У Димы в глазах мелькнуло сочувствие.

– Прости, – сказал он и протянул руку вперед, видимо хотел взять мою, но я не далась. И молча убрал её обратно.

– Прости, – ещё раз сказал он.

– Да, всё нормально, – отмахнулась я. – Я его практически не знаю. Ещё чаю?

– Если не трудно, – он молча наблюдал, как я разливала горячую воду из чайника по чашкам.

– А почему ты увлекся книгами? – спросила я, вспомнив, что он владелец сети книжных магазинов.

– Я экономист по образованию, а пока учился, подрабатывал в книжном, где у мамы подруга управляющей работала. За пять лет работы сам стал управляющим, а дальше пошло–поехало. Сначала один магазин выкупил, потом второй так и собрал целую сеть.

– Родители, несомненно, тебя любят, – улыбнулась я.

– Причём тут это? – не понял Дима.

– Ну, как же. Ты же вполне себе состоялся, свой бизнес, спонсорством вон занимаешься...

– А причём тут родительская любовь? – всё так же недоумевал он, смотря уже на меня округлившимися глазами.

А я поняла, что ляпнула лишнее. Мы так и смотрели друг другу в глаза. Я судорожно пытались найти выход из ситуации, а он смотрел так, будто не верил в происходящее.

– По–твоему, родители любят своих детей за достижения?

– Не все, конечно, – уклончиво ответила я, – но некоторые, наверное…

– Кать? – протянул он и сцепил руки в замок. Мне стало неловко. И из–за ситуации, и из–за имени, точнее его варианта, которым он меня назвал.

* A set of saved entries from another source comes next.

Definition Isets (n : nat) : list (list word) :=
  [ [pw a n ++ [b]; [a]];
    [pw a n ++ [b]; [b]];
    [pw b n ++ [a]; [a]];
    [pw b n ++ [a]; [b]];
    [[b] ++ pw a n; [a]];
    [[b] ++ pw a n; [b]];
    [[a] ++ pw b n; [a]];
    [[a] ++ pw b n; [b]];
    [pw a n ++ [b]; pw a n];
    [[b] ++ pw a n; pw a n];
    [pw b n ++ [a]; pw b n];
    [[a] ++ pw b n; pw b n] ].

From Stdlib Require Import List Arith Relations Lia ZArith Classical ClassicalEpsilon.
Import ListNotations.

(* Each of the twelve sets is the image of {a^n b, a}, {a b^n, a} or {a^n b, a^n} under letter
   swap, reversal or both, and these maps preserve shuffles.  For the three base sets, reading
   [a] as a step +al and [b] as a step -be, every word of L is a walk from 0 that stays
   nonnegative and ends at a multiple of d (for suitable al, be, d), since both properties
   survive shuffling.  Conversely every nonempty such walk factors, by cutting at first or last
   passages, as a context c[y_0, ..., y_k] whose empty filling c[eps, ..., eps] is a word of I
   and whose components are again such walks; hence these walks are exactly L,
   each y_i |-^* c[y_0, ..., y_k], and |-^* is monotone in the components.  Nash-Williams'
   minimal bad sequence argument, applied to this recursive decomposition, shows that |-^* is a
   well quasi-order on L. *)

(** * Shuffles *)

Inductive interleave {A : Type} : list A -> list A -> list A -> Prop :=
| interleave_nil : interleave [] [] []
| interleave_left c u v w : interleave u v w -> interleave (c :: u) v (c :: w)
| interleave_right c u v w : interleave u v w -> interleave u (c :: v) (c :: w).

Section Interleave.
Context {A : Type}.
Implicit Types u v w p q : list A.

Lemma interleave_app u1 v1 w1 u2 v2 w2 :
  interleave u1 v1 w1 -> interleave u2 v2 w2 -> interleave (u1 ++ u2) (v1 ++ v2) (w1 ++ w2).
Proof. intros H H2; induction H; simpl; try constructor; auto. Qed.

Lemma interleave_nil_l v : interleave [] v v.
Proof. induction v; constructor; auto. Qed.

Lemma interleave_nil_r u : interleave u [] u.
Proof. induction u; constructor; auto. Qed.

Lemma interleave_insert u p q : interleave u (p ++ q) (p ++ u ++ q).
Proof.
  pose proof (interleave_app _ _ _ _ _ _ (interleave_nil_l p)
    (interleave_app _ _ _ _ _ _ (interleave_nil_r u) (interleave_nil_l q))) as H.
  now rewrite app_nil_r in H.
Qed.

Lemma interleave_frame u v w p q : interleave u v w -> interleave (p ++ u ++ q) v (p ++ w ++ q).
Proof.
  intro H.
  pose proof (interleave_app _ _ _ _ _ _ (interleave_nil_r p)
    (interleave_app _ _ _ _ _ _ H (interleave_nil_r q))) as H'.
  now rewrite !app_nil_r in H'.
Qed.

Lemma interleave_rev u v w : interleave u v w -> interleave (rev u) (rev v) (rev w).
Proof.
  induction 1; simpl.
  - constructor.
  - rewrite <- (app_nil_r (rev v)) at 1.
    apply interleave_app; auto. repeat constructor.
  - rewrite <- (app_nil_r (rev u)) at 1.
    apply interleave_app; auto. repeat constructor.
Qed.

Lemma interleave_map {B} (f : A -> B) u v w :
  interleave u v w -> interleave (map f u) (map f v) (map f w).
Proof. induction 1; simpl; constructor; auto. Qed.

End Interleave.

Lemma shuffle_interleave u v w : shuffle u v w <-> interleave u v w.
Proof.
  split.
  - intros [ps [_ [-> [-> ->]]]]. induction ps as [|[x y] ps IH]; simpl.
    + constructor.
    + rewrite <- !app_assoc.
      apply (interleave_app x [] x); [apply interleave_nil_r|].
      apply (interleave_app [] y y); [apply interleave_nil_l|exact IH].
  - induction 1 as [| c u v w _ [ps [Hne [Hu [Hv Hw]]]] | c u v w _ [ps [Hne [Hu [Hv Hw]]]]].
    + exists [([], [])]; simpl; repeat split; congruence.
    + exists (([c], []) :: ps); simpl; repeat split; subst; congruence.
    + exists (([], [c]) :: ps); simpl; repeat split; subst; congruence.
Qed.

Lemma step_interleave I v w : step I v w <-> exists u, In u I /\ interleave v u w.
Proof.
  split; intros [u [Hu Hs]]; exists u; split; auto; apply shuffle_interleave; auto.
Qed.

Lemma step_insert I y p q : In (p ++ q) I -> step I y (p ++ y ++ q).
Proof. intro H. apply step_interleave. exists (p ++ q). split; auto. apply interleave_insert. Qed.

Lemma star_frame I u w p q : star I u w -> star I (p ++ u ++ q) (p ++ w ++ q).
Proof.
  induction 1 as [u w H| |]; [|apply rt_refl|eapply rt_trans; eauto].
  apply rt_step, step_interleave. apply step_interleave in H as [v [Hv Hs]].
  exists v; split; auto. apply interleave_frame; auto.
Qed.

– Я не обязана делиться с тобой своей личной жизнью и уж тем более её обсуждать, – жёстко проговорила я, доставая пакет с конфетами из шкафа, а потом долго пыталась его развязать, но толи пальцы меня не особо слушались, то ли узел был настолько крепко завязан. В итоге, я психанула и просто порвала пакет.

Дима молчал, потирал рукой подбородок, задумчиво смотрел в сторону, что–то обдумывая. Я сломанными мелкой дрожью пальцами накладывала конфеты в вазочку и мысленно просила его, чтобы он больше не задавал вопрос на эту тему.

– Ты поэтому карьеру так быстро сделала? Хотела, чтобы тебя любили? – вдруг спросил он.

У меня чуть вазочка с конфетами из рук не выпала. Я поставила её на стол. Было стыдно из–за ощущения, что я всё же не такая как все, в некотором роде ненормальная. И об этом узнал ещё один человек.

– Работаешь, чтобы заслужить любовь? – ещё более потрясенно спросил он.

У меня в душе что–то упало, что–то тяжелое и неприятное, гадкое. Вот так, одна небрежная фраза раскрыла всю меня. Я чувствовала себя голой, выставленной на всеобщее обозрение. И мне это не нравилось.

– Прости меня, Кать, но ты – дура! – подливал он масла в огонь.

– Это не твоё дело, – сказала ему, желая прекратить весь этот разговор.

– Не моё, – согласился он. – Но так себя загонять, чтобы заслужить чью–то любовь? И как заслужила?

Я промолчала. Всё равно не поймёт.

– И вот ещё, – взмахнул он рукой. – Как вообще определяется нужный уровень достижений?